Buffett-Backed Solar Farm Cut to Junk as PG&E Crisis Deepens
(Bloomberg) -- S&P Global Ratings cut the credit rating of Berkshire Hathaway Energy’s 550-megawatt Topaz Solar Farms to junk, noting that the plant counts on embattled utility giant PG&E Corp. for all of its revenue.
- S&P lowered ratings on Topaz Solar by five notches to ’B’ from ’BBB-’ and maintained the ratings on CreditWatch, meaning it may make further cuts.
- In downgrading Topaz’s credit, S&P said PG&E faces as much as $30 billion in potential liabilities from wildfires its equipment may have caused. “The downgrades underscore PG&E’s clout in California’s power industry, and any potential threats to the company can have wide-reaching ripple effects,” the rating company said in a statement.
- Fitch has already cut its own ratings for the farm because of PG&E’s fire liabilities.
- The downgrade is just the latest indication that PG&E’s financial woes are spreading to the companies that supply its energy.
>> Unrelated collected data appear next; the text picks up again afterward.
(* Let $L$ be a finite distributive lattice and $K=[\hat0_K,\hat1_K]$ a cutting of $L$. Then $$R(L\boxplus K,x)=\begin{cases}R(L,x)+x^{h_L(\hat0_K)+1}R(K,x), & \text{if }\hat1_K=\hat1_L;\\ R(K,x)+x\,R(L,x), &\text{if }\hat0_K=\hat0_L.\end{cases}$$
   Context: For a finite poset $P$, $\mathcal{F}(P)$ is the set of filters (up-sets) of $P$ ordered by reverse inclusion; every finite distributive lattice $L$ is isomorphic to some $\mathcal{F}(P)$; $\hat0_L,\hat1_L$ denote the least and greatest elements of $L$. A cutting of $L$ is an interval $K=[\hat0_K,\hat1_K]$ of $L$ such that every maximal chain of $L$ meets $K$. For a cutting $K$ of $L=\mathcal{F}(P)$, let $S=\hat0_K\setminus\hat1_K$, $S_0$ the set of maximal elements of $P\setminus\hat0_K$, $S_1$ the set of minimal elements of $\hat1_K$. The poset $P_K$ is $P\cup\{x_K\}$ ($x_K$ new) where the order on $P$ is unchanged, $z<x_K$ iff $z\le s$ for some $s\in S_0$, $x_K<y$ iff $y\ge s$ for some $s\in S_1$, and $x_K$ is incomparable to every element of $S$. The convex expansion is $L\boxplus K:=\mathcal{F}(P_K)$. For a finite distributive lattice $M$ and $a\in M$, $h_M(a)$ is the height of $a$ in $M$, and $R(M,x)=\sum_{a\in M}x^{h_M(a)}$ is the rank generating function. *)

From HB Require Import structures.
From mathcomp Require Import all_boot all_order all_algebra.
Set Implicit Arguments. Unset Strict Implicit. Unset Printing Implicit Defensive.
Import Order.TTheory GRing.Theory.

Section GenericPoset.
Variable T : finType.

Definition is_chain (A : {set T}) (le : rel T) (C : {set T}) : bool :=
  (C \subset A) && [forall x in C, forall y in C, le x y || le y x].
Banks are also studying whether they’re willing to put assets into a geothermal project that supplies the utility, people familiar with the situation say, and some small natural gas suppliers are restricting sales to the company out of fear that they won’t get paid.
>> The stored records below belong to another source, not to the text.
Lemma topdim_id_gt0 (H : Mor i j) : local_end H -> (0 < topdim H H)%N.
Proof.
by move=> hl; apply/topdim_gt0 => //; exists (id2 H), (id2 H); rewrite vcomp1l; apply: invertible_id2.
Qed.

Lemma topdim_noniso (H Y : Mor i j) : local_end H -> local_end Y -> ~ iso H Y ->
  topdim H Y = 0%N.
Proof.
move=> hl hY hni; apply/eqP; rewrite eqn0Ngt; apply/negP => /(topdim_gt0 _ hl).
move=> [f [g [u [u1 u2]]]].
have he : vcomp (vcomp f (vcomp u g)) (vcomp f (vcomp u g)) = vcomp f (vcomp u g).
  by rewrite -!vcompA (vcompA g) (vcompA u) u1 vcomp1l.
case: (local_end_idem hY he) => [e0|e1].
  have : vcomp g (vcomp (vcomp f (vcomp u g)) f) = 0 by rewrite e0 vcomp0l vcomp0r.
  rewrite -!vcompA u1 vcomp1r => h.
  by apply: (not_invertible0 (local_end_neq0 hl) (Y := H)); rewrite -h; exists u.
by apply: hni; exists f, (vcomp u g); rewrite -vcompA u1.
Qed.

Lemma topdim_gt0_summand (H' H X : Mor i j) : local_end H' -> iso H' H -> summand H X ->
  (0 < topdim H' X)%N.
Proof.
move=> hl [al [be [hba hab]]] [Z [p1 [p2 [e1 [e2 [h1 _ _ _ _]]]]]].
apply/topdim_gt0 => //; exists (vcomp e1 al), (vcomp be p1).
by rewrite -vcompA (vcompA p1) h1 vcomp1l hba; apply: invertible_id2.
Qed.

End Radical.

Section KrullSchmidt.
Variables (i j : Ob C).

Lemma local_end_iso (X Y : Mor i j) : iso X Y -> local_end Y -> local_end X.
Proof.
move=> [f [g [h1 h2]]] [nz hl]; split.
  by move=> e; apply: nz; rewrite -h2 -[g]vcomp1l e vcomp0l vcomp0r.
have transport (h : Hom X X) : invertible (vcomp f (vcomp h g)) -> invertible h.
  move=> [w [w1 w2]]; exists (vcomp g (vcomp w f)); split.
    have -> : vcomp (vcomp g (vcomp w f)) h = vcomp g (vcomp (vcomp w (vcomp f (vcomp h g))) f).
      by rewrite -!vcompA h1 vcomp1r.
    by rewrite w1 vcomp1l h1.
  have -> : vcomp h (vcomp g (vcomp w f)) = vcomp g (vcomp (vcomp (vcomp f (vcomp h g)) w) f).
    by rewrite -!vcompA (vcompA g f) h1 vcomp1l.
  by rewrite w2 vcomp1l h1.
move=> h; have [/transport|] := hl (vcomp f (vcomp h g)); first by left.
by move=> hi; right; apply: transport; rewrite vcompBl vcompBr vcomp1l h2.
Qed.

(* A complement of [H] is obtained by splitting the idempotent [id2 X - E P]. *)
Lemma idem_split_summand (H X : Mor i j) (E : Hom H X) (P : Hom X H) :
  idem_split i j -> vcomp P E = id2 H -> summand H X.
Proof.
move=> his hPE; set e := id2 X - vcomp E P.
have he : vcomp e e = e.
  by rewrite vcompBl !vcompBr !vcomp1l vcomp1r -vcompA (vcompA P) hPE vcomp1l subrr subr0.
have [Z [r [s [hsr hrs]]]] := his X e he.
have Ps : vcomp P s = 0.
  rewrite -[s]vcomp1r -hrs (vcompA s r s) hsr (vcompA P) vcompBr vcomp1r.
  by rewrite (vcompA P E P) hPE vcomp1l subrr vcomp0l.
have rE : vcomp r E = 0.
  rewrite -[r]vcomp1l -hrs -(vcompA r s r) hsr -(vcompA r) vcompBl vcomp1l.
  by rewrite -(vcompA E P E) hPE vcomp1r subrr vcomp0r.
exists Z, P, r, E, s; split => //.
by rewrite hsr addrC subrK.
Qed.

Lemma summand_topdim_gt0 (H X : Mor i j) : idem_split i j -> local_end H ->
  (0 < topdim H X)%N -> summand H X.
Proof.
move=> his hl /(topdim_gt0 _ hl) [f [g [w [w1 _]]]].
by apply: (idem_split_summand (E := f) (P := vcomp w g)) => //; rewrite -vcompA.
Qed.

Lemma biprod_isZero_iso (X Y Z : Mor i j) : biprod X Y Z -> isZero Z -> iso X Y.
Proof.
move=> [p1 [p2 [e1 [e2 [h1 _ _ _ h5]]]]] hz.
have e20 : e2 = 0 by rewrite -[e2]vcomp1r hz vcomp0r.
by exists p1, e1; rewrite -h5 e20 vcomp0l addr0.
Qed.

Lemma local_end_indecomposable (Y : Mor i j) : local_end Y -> indecomposable Y.
Proof.
move=> hl; split; first exact: local_end_neq0 hl.
move=> A B [p1 [p2 [e1 [e2 [h1 h2 h3 _ _]]]]].
have he : vcomp (vcomp e1 p1) (vcomp e1 p1) = vcomp e1 p1.
  by rewrite -vcompA (vcompA p1) h1 vcomp1l.
case: (local_end_idem hl he) => e0.
  left; rewrite /isZero -h1 -[vcomp p1 e1]vcomp1r -h1 -(vcompA p1 e1).
  by rewrite (vcompA e1 p1 e1) e0 vcomp0l vcomp0r.
right; rewrite /isZero -h2.
have -> : e2 = 0 by rewrite -[e2]vcomp1l -e0 -vcompA h3 vcomp0r.
by rewrite vcomp0r.
Qed.

Lemma indecomposable_local_end (X : Mor i j) : idem_split i j -> krull_schmidt i j ->
  indecomposable X -> local_end X.
Proof.
move=> his [_ hks] [nz hind].
have [[|n] [Y [e [p [hl h1 _ h3]]]]] := hks X.
  by case: nz; rewrite /isZero -h3 big_ord0.
have [Z hb] := idem_split_summand his (h1 ord0).
case: (hind _ _ hb) => hz; first by case: (local_end_neq0 (hl ord0)).
exact: local_end_iso (biprod_isZero_iso hb hz) (hl ord0).
Qed.

End KrullSchmidt.

Section HorizontalComposition.
Variables (i j l : Ob C).

Definition hcompl (F F' : Mor j l) (G G' : Mor i j) (a : Hom F F') :
    {linear Hom G G' -> Hom (comp1 F G) (comp1 F' G')} :=
  HB.pack (fun b => hcomp a b)
    (GRing.isLinear.Build _ _ _ _ (fun b => hcomp a b) (fun x b b' => hlin_r HC x a b b')).

Definition hcompr (F F' : Mor j l) (G G' : Mor i j) (b : Hom G G') :
    {linear Hom F F' -> Hom (comp1 F G) (comp1 F' G')} :=
  HB.pack (fun a => hcomp a b)
    (GRing.isLinear.Build _ _ _ _ (fun a => hcomp a b) (fun x a a' => hlin_l HC x a a' b)).

Section HcompLinear.
Variables (F F' : Mor j l) (G G' : Mor i j).

Lemma hcomp0r (a : Hom F F') : hcomp a (0 : Hom G G') = 0.
Proof. exact: (linear0 (hcompl G G' a)). Qed.
Lemma hcomp0l (b : Hom G G') : hcomp (0 : Hom F F') b = 0.
Proof. exact: (linear0 (hcompr F F' b)). Qed.
Lemma hcomp_sumr (I : finType) (a : Hom F F') (b : I -> Hom G G') :
  hcomp a (\sum_t b t) = \sum_t hcomp a (b t).
Proof. exact: (linear_sum (hcompl G G' a)). Qed.
Lemma hcomp_suml (I : finType) (a : I -> Hom F F') (b : Hom G G') :
  hcomp (\sum_t a t) b = \sum_t hcomp (a t) b.
Proof. exact: (linear_sum (hcompr F F' b)). Qed.

End HcompLinear.

Lemma decomp_comp1l (F : Mor j l) (X : Mor i j) n (Z : 'I_n -> Mor i j)
    (E : forall a, Hom (Z a) X) (P : forall a, Hom X (Z a)) :
  decomp E P -> decomp (fun a => hcomp (id2 F) (E a)) (fun a => hcomp (id2 F) (P a)).
Proof.
move=> [h1 h2 h3]; split.
- by move=> a; rewrite -(interchange HC) vcomp1l h1 (hid HC).
- by move=> a b ab; rewrite -(interchange HC) vcomp1l h2 // hcomp0r.
rewrite (eq_bigr (fun a => hcomp (id2 F) (vcomp (E a) (P a)))).
  by rewrite -hcomp_sumr h3 (hid HC).
by move=> a _; rewrite -(interchange HC) vcomp1l.
Qed.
- Earlier on Thursday, Moody’s joined the rating companies downgrading PG&E’s own credit to junk.
- A potential PG&E bankruptcy filing could put at risk a host of power-supply contracts signed by the utility. The company had more than 6 gigawatts of deals to buy wind and solar power from suppliers including Sempra Energy and Consolidated Edison Inc. as of January 2017.